'''

Lemma orthogonal_matE n (A : mat) : orthogonal_mat n A <-> orthonormal n (rvs n A).
Proof.
rewrite orthogonal_mat_mx orthonormal_rows_mx.
by split => /mulmx1C.
Qed.

Lemma phi_trilin n T x y z : phi (trilin n T x y z) =
  \sum_(a < n) \sum_(b < n) \sum_(c < n) phi (T a b c) * phi (x a) * phi (y b) * phi (z c).
Proof.
rewrite phi_sum; apply: eq_bigr => a _; rewrite phi_sum; apply: eq_bigr => b _.
by rewrite phi_sum; apply: eq_bigr => c _; rewrite !phiM.
Qed.

Lemma phi_diag_trilin n al x y z : phi (diag_trilin n al x y z) =
  \sum_(i < n) phi (al i) * phi (x i) * phi (y i) * phi (z i).
Proof. by rewrite phi_sum; apply: eq_bigr => i _; rewrite !phiM. Qed.

Lemma phi_mat_vec n A x i : phi (mat_vec n A x i) = \sum_(j < n) phi (A i j) * phi (x j).
Proof. by rewrite phi_sum; apply: eq_bigr => j _; rewrite phiM. Qed.

Definition diag_coords n (T : tensor) (A B Cm : mat) (al : vec) : Prop :=
  forall a b c, (a < n)%N -> (b < n)%N -> (c < n)%N ->
    phi (T a b c) = \sum_(i < n) phi (al i) * phi (A i a) * phi (B i b) * phi (Cm i c).

(* OT tensors are those with such coordinates: evaluate the defining identity on unit
   vectors, and conversely regroup the sums of the trilinear form. *)
Lemma OTP n T : OT n T <-> exists (A B Cm : mat) (al : vec),
  [/\ orthonormal n (rvs n A), orthonormal n (rvs n B), orthonormal n (rvs n Cm)
    & diag_coords n T A B Cm al].
Proof.
split => [[A [B [Cm [al [/orthogonal_matE oA [/orthogonal_matE oB [/orthogonal_matE oC H]]]]]]]
         | [A [B [Cm [al [oA oB oC H]]]]]].
  exists A, B, Cm, al; split => // a b c lt_an lt_bn lt_cn.
  have := congr1 phi (H (delta^~ a) (delta^~ b) (delta^~ c)).
  rewrite phi_trilin phi_diag_trilin.
  under eq_bigr => i _ do under eq_bigr => j _ do under eq_bigr => k _ do rewrite !phi_delta.
  under eq_bigr => i _ do under eq_bigr => j _ do
    rewrite (sum_delta (fun k => phi (T i j k) * _ * _)) //.
  under eq_bigr => i _ do rewrite (sum_delta (fun j => phi (T i j c) * _)) //.
  rewrite (sum_delta (fun i => phi (T i b c))) // => ->.
  apply: eq_bigr => i _; rewrite !phi_mat_vec.
  under eq_bigr do rewrite phi_delta.
  under [X in _ * _ * X * _]eq_bigr do rewrite phi_delta.
  under [X in _ * _ * X]eq_bigr do rewrite phi_delta.
  by rewrite (sum_delta (phi \o A i)) // (sum_delta (phi \o B i)) // (sum_delta (phi \o Cm i)).
exists A, B, Cm, al; do 3 (split; first exact/orthogonal_matE).
move=> x y z; apply: phi_inj; rewrite phi_trilin phi_diag_trilin.
under eq_bigr => a _ do under eq_bigr => b _ do under eq_bigr => c _ do rewrite H //.
have := sum_trilinear n n (fun i a => phi (al i) * phi (A i a)) (fun i b => phi (B i b))
  (fun i c => phi (Cm i c)) (phi \o x) (phi \o y) (phi \o z).
cbv beta => ->; apply: eq_bigr => i _.
by rewrite !phi_mat_vec; under eq_bigr do rewrite -mulrA; rewrite -big_distrr.
Qed.

Definition orth_noniso n k (u : nat -> vec) : Prop :=
  orthogonal_family k (rvs n u) /\ nonisotropic k (rvs n u).

Definition rank1_coords n k (T : tensor) (u v w : nat -> vec) : Prop :=
  forall a b c, (a < n)%N -> (b < n)%N -> (c < n)%N ->
    phi (T a b c) = \sum_(j < k) phi (u j a) * phi (v j b) * phi (w j c).

Lemma pairwise_orthE n k (u : nat -> vec) :
  pairwise_orth n k u <-> orthogonal_family k (rvs n u).
Proof.
split => u_orth i j.
  by move=> lt_ik lt_jk /eqP ij; rewrite -phi_bil u_orth ?phi0 //; apply/ssrnat.ltP.
move=> /ssrnat.ltP lt_ik /ssrnat.ltP lt_jk ij.
by apply: phi_inj; rewrite phi_bil phi0 u_orth //; apply/eqP.
Qed.

Lemma lin_indep_of_orth_noniso n k (u : nat -> vec) : orth_noniso n k u -> lin_indep n k u.
Proof.
move=> [u_orth u_noniso] c c_rel j0 /ssrnat.ltP lt_j0k.
have comb0 : \sum_(j < k) phi (c j) *: rvs n u j = 0.
  apply/rowP => a; rewrite !mxE -phi0 -(c_rel a (elimT ssrnat.ltP (ltn_ord a))).
  by rewrite phi_sum summxE; apply: eq_bigr => j _; rewrite !mxE phiM.
have := congr1 (fun v => dot v (rvs n u j0)) comb0.
rewrite /= dot0l dot_suml (bigD1 (Ordinal lt_j0k)) //= big1 ?addr0 => [|j].
  rewrite dotZl => /eqP; rewrite mulf_eq0 (negPf (u_noniso _ lt_j0k)) orbF -phi0.
  by move=> /eqP/phi_inj.
by rewrite -val_eqE /= => j_neq; rewrite dotZl u_orth ?mulr0.
Qed.

Lemma ODECO_of_orth_noniso n k (T : tensor) (u v w : nat -> vec) :
  orth_noniso n k u -> orth_noniso n k v -> orth_noniso n k w ->
  rank1_coords n k T u v w -> ODECO n T.
Proof.
move=> hu hv hw HT; exists k, u, v, w.
do 3 (split; first exact: lin_indep_of_orth_noniso).
case: hu hv hw => [u_orth _] [v_orth _] [w_orth _].
do 3 (split; first by apply/pairwise_orthE).
move=> a b c /ssrnat.ltP lt_an /ssrnat.ltP lt_bn /ssrnat.ltP lt_cn.
by apply: phi_inj; rewrite HT // phi_sum; apply: eq_bigr => j _; rewrite !phiM.
Qed.

Lemma orth_noniso_sub n k (M : mat) (s : nat -> nat) :
  orthonormal n (rvs n M) -> (forall j, (j < k)%N -> (s j < n)%N) ->
  {in gtn k &, injective s} -> orth_noniso n k (M \o s).
Proof.
move=> M_on s_lt s_inj; split => [i j lt_ik lt_jk ij | j lt_jk]; rewrite /rvs /= M_on ?s_lt //.
  by case: eqP => // /s_inj ij'; rewrite ij' ?eqxx in ij.
by rewrite eqxx oner_neq0.
Qed.

Lemma orth_noniso_scale n k (u : nat -> vec) (lam : nat -> Defs.C) :
  orth_noniso n k u -> (forall j, (j < k)%N -> phi (lam j) != 0) ->
  orth_noniso n k (fun j a => Cmul (lam j) (u j a)).
Proof.
move=> [u_orth u_noniso] lam_neq0.
have rvsZ j : rvs n (fun j a => Cmul (lam j) (u j a)) j = phi (lam j) *: rvs n u j.
  by apply/rowP => a; rewrite !mxE phiM.
split => [i j lt_ik lt_jk ij | j lt_jk]; rewrite !rvsZ dotZl dotZr.
  by rewrite u_orth ?mulr0.
by rewrite !mulf_neq0 ?lam_neq0 ?u_noniso.
Qed.

(* First inclusion: discarding the zero diagonal coefficients of an OT tensor leaves an
   orthogonal decomposition by non-isotropic vectors. *)
Lemma OT_ODECO n T : OT n T -> ODECO n T.
Proof.
case/OTP => A [B [Cm [al [oA oB oC HT]]]].
pose supp i := phi (al i) != 0.
pose l := [seq i <- iota 0 n | supp i].
pose s j := nth 0%N l j.
have s_spec j : (j < size l)%N -> (s j < n)%N /\ supp (s j).
  by move=> lt_jl; have := mem_nth 0%N lt_jl; rewrite mem_filter mem_iota => /andP[-> /andP[]].
have s_lt j lt_jl := (s_spec j lt_jl).1.
have s_inj : {in gtn (size l) &, injective s}.
  move=> i j lt_il lt_jl /eqP; rewrite nth_uniq // => [/eqP //|].
  by rewrite filter_uniq // iota_uniq.
apply: (@ODECO_of_orth_noniso n (size l) T (fun j a => Cmul (al (s j)) (A (s j) a))
  (B \o s) (Cm \o s)).
- by apply: orth_noniso_scale => [|j /s_spec[]]; first exact: orth_noniso_sub.
- exact: orth_noniso_sub.
- exact: orth_noniso_sub.
move=> a b c lt_an lt_bn lt_cn; rewrite HT //.
rewrite -(@sum_support _ n supp (fun i => phi (al i) * phi (A i a) * phi (B i b) * phi (Cm i c))).
  by apply: eq_bigr => j _; rewrite phiM.
by move=> i /negPn/eqP ->; rewrite !mul0r.
Qed.

(* Three orthogonal families of k <= n non-isotropic vectors give an OT tensor: normalize
   them and complete each to an orthonormal basis, i.e. to the rows of an orthogonal matrix. *)
Lemma OT_of_orth_noniso n k (T : tensor) (u v w : nat -> vec) : (k <= n)%N ->
  orth_noniso n k u -> orth_noniso n k v -> orth_noniso n k w ->
  rank1_coords n k T u v w -> OT n T.
Proof.
move=> le_kn [u_orth u_ni] [v_orth v_ni] [w_orth w_ni] HT.
have [bu [lu [bu_on u_def]]] := orthonormal_basis_of_orthogonal le_kn u_orth u_ni.
have [bv [lv [bv_on v_def]]] := orthonormal_basis_of_orthogonal le_kn v_orth v_ni.
have [bw [lw [bw_on w_def]]] := orthonormal_basis_of_orthogonal le_kn w_orth w_ni.
pose mk (b : nat -> 'rV[K]_n) : mat := ofm (\matrix_(i < n) b i).
have mk_on b : orthonormal n b -> orthonormal n (rvs n (mk b)).
  move=> b_on i j lt_in lt_jn.
  have -> : i = Ordinal lt_in by []. have -> : j = Ordinal lt_jn by [].
  by rewrite !rvs_ofm !rowK b_on.
have coord (x : nat -> vec) j (a : 'I_n) : phi (x j a) = rvs n x j 0 a by rewrite mxE.
apply/OTP; exists (mk bu), (mk bv), (mk bw).
exists (fun i => if (i < k)%N then psi (lu i * lv i * lw i) else Defs.C0).
split; try exact: mk_on.
move=> a b c lt_an lt_bn lt_cn; rewrite HT //.
rewrite (big_ord_widen n (fun j => phi (u j a) * phi (v j b) * phi (w j c)) le_kn) big_mkcond /=.
apply: eq_bigr => i _; case: ifP => lt_ik; last by rewrite phi0 !mul0r.
have -> : a = Ordinal lt_an by []. have -> : b = Ordinal lt_bn by [].
have -> : c = Ordinal lt_cn by [].
rewrite phiK !phi_ofm !mxE !coord u_def ?v_def ?w_def // !mxE.
by ring.
Qed.

Definition mxs n k (u : nat -> vec) : 'M[K]_(k, n) := \matrix_(j < k, a < n) phi (u j a).

Lemma row_mxs n k (u : nat -> vec) (j : 'I_k) : row j (mxs n k u) = rvs n u j.
Proof. by apply/rowP => a; rewrite !mxE. Qed.

Lemma row_free_of_lin_indep n k (u : nat -> vec) : lin_indep n k u -> row_free (mxs n k u).
Proof.
move=> u_indep; apply: inj_row_free => c cU0; apply/rowP => j.
rewrite !mxE -(phi_ofm c ord0 j) (u_indep (ofm c 0)) ?phi0 //; last exact/ssrnat.ltP.
move=> a /ssrnat.ltP lt_an; apply: phi_inj; rewrite phi_sum phi0.
have := congr1 (fun x : 'rV[K]_n => x 0 (Ordinal lt_an)) cU0; rewrite /= !mxE => cU0a.
rewrite -[RHS]cU0a.
by apply: eq_bigr => i _; rewrite phiM (phi_ofm c ord0) mxE.
Qed.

'''

Exact lines only, please: output the listing from the first line to the line with "i) * phi (z i).", both included.

Lemma orthogonal_matE n (A : mat) : orthogonal_mat n A <-> orthonormal n (rvs n A).
Proof.
rewrite orthogonal_mat_mx orthonormal_rows_mx.
by split => /mulmx1C.
Qed.

Lemma phi_trilin n T x y z : phi (trilin n T x y z) =
  \sum_(a < n) \sum_(b < n) \sum_(c < n) phi (T a b c) * phi (x a) * phi (y b) * phi (z c).
Proof.
rewrite phi_sum; apply: eq_bigr => a _; rewrite phi_sum; apply: eq_bigr => b _.
by rewrite phi_sum; apply: eq_bigr => c _; rewrite !phiM.
Qed.

Lemma phi_diag_trilin n al x y z : phi (diag_trilin n al x y z) =
  \sum_(i < n) phi (al i) * phi (x i) * phi (y i) * phi (z i).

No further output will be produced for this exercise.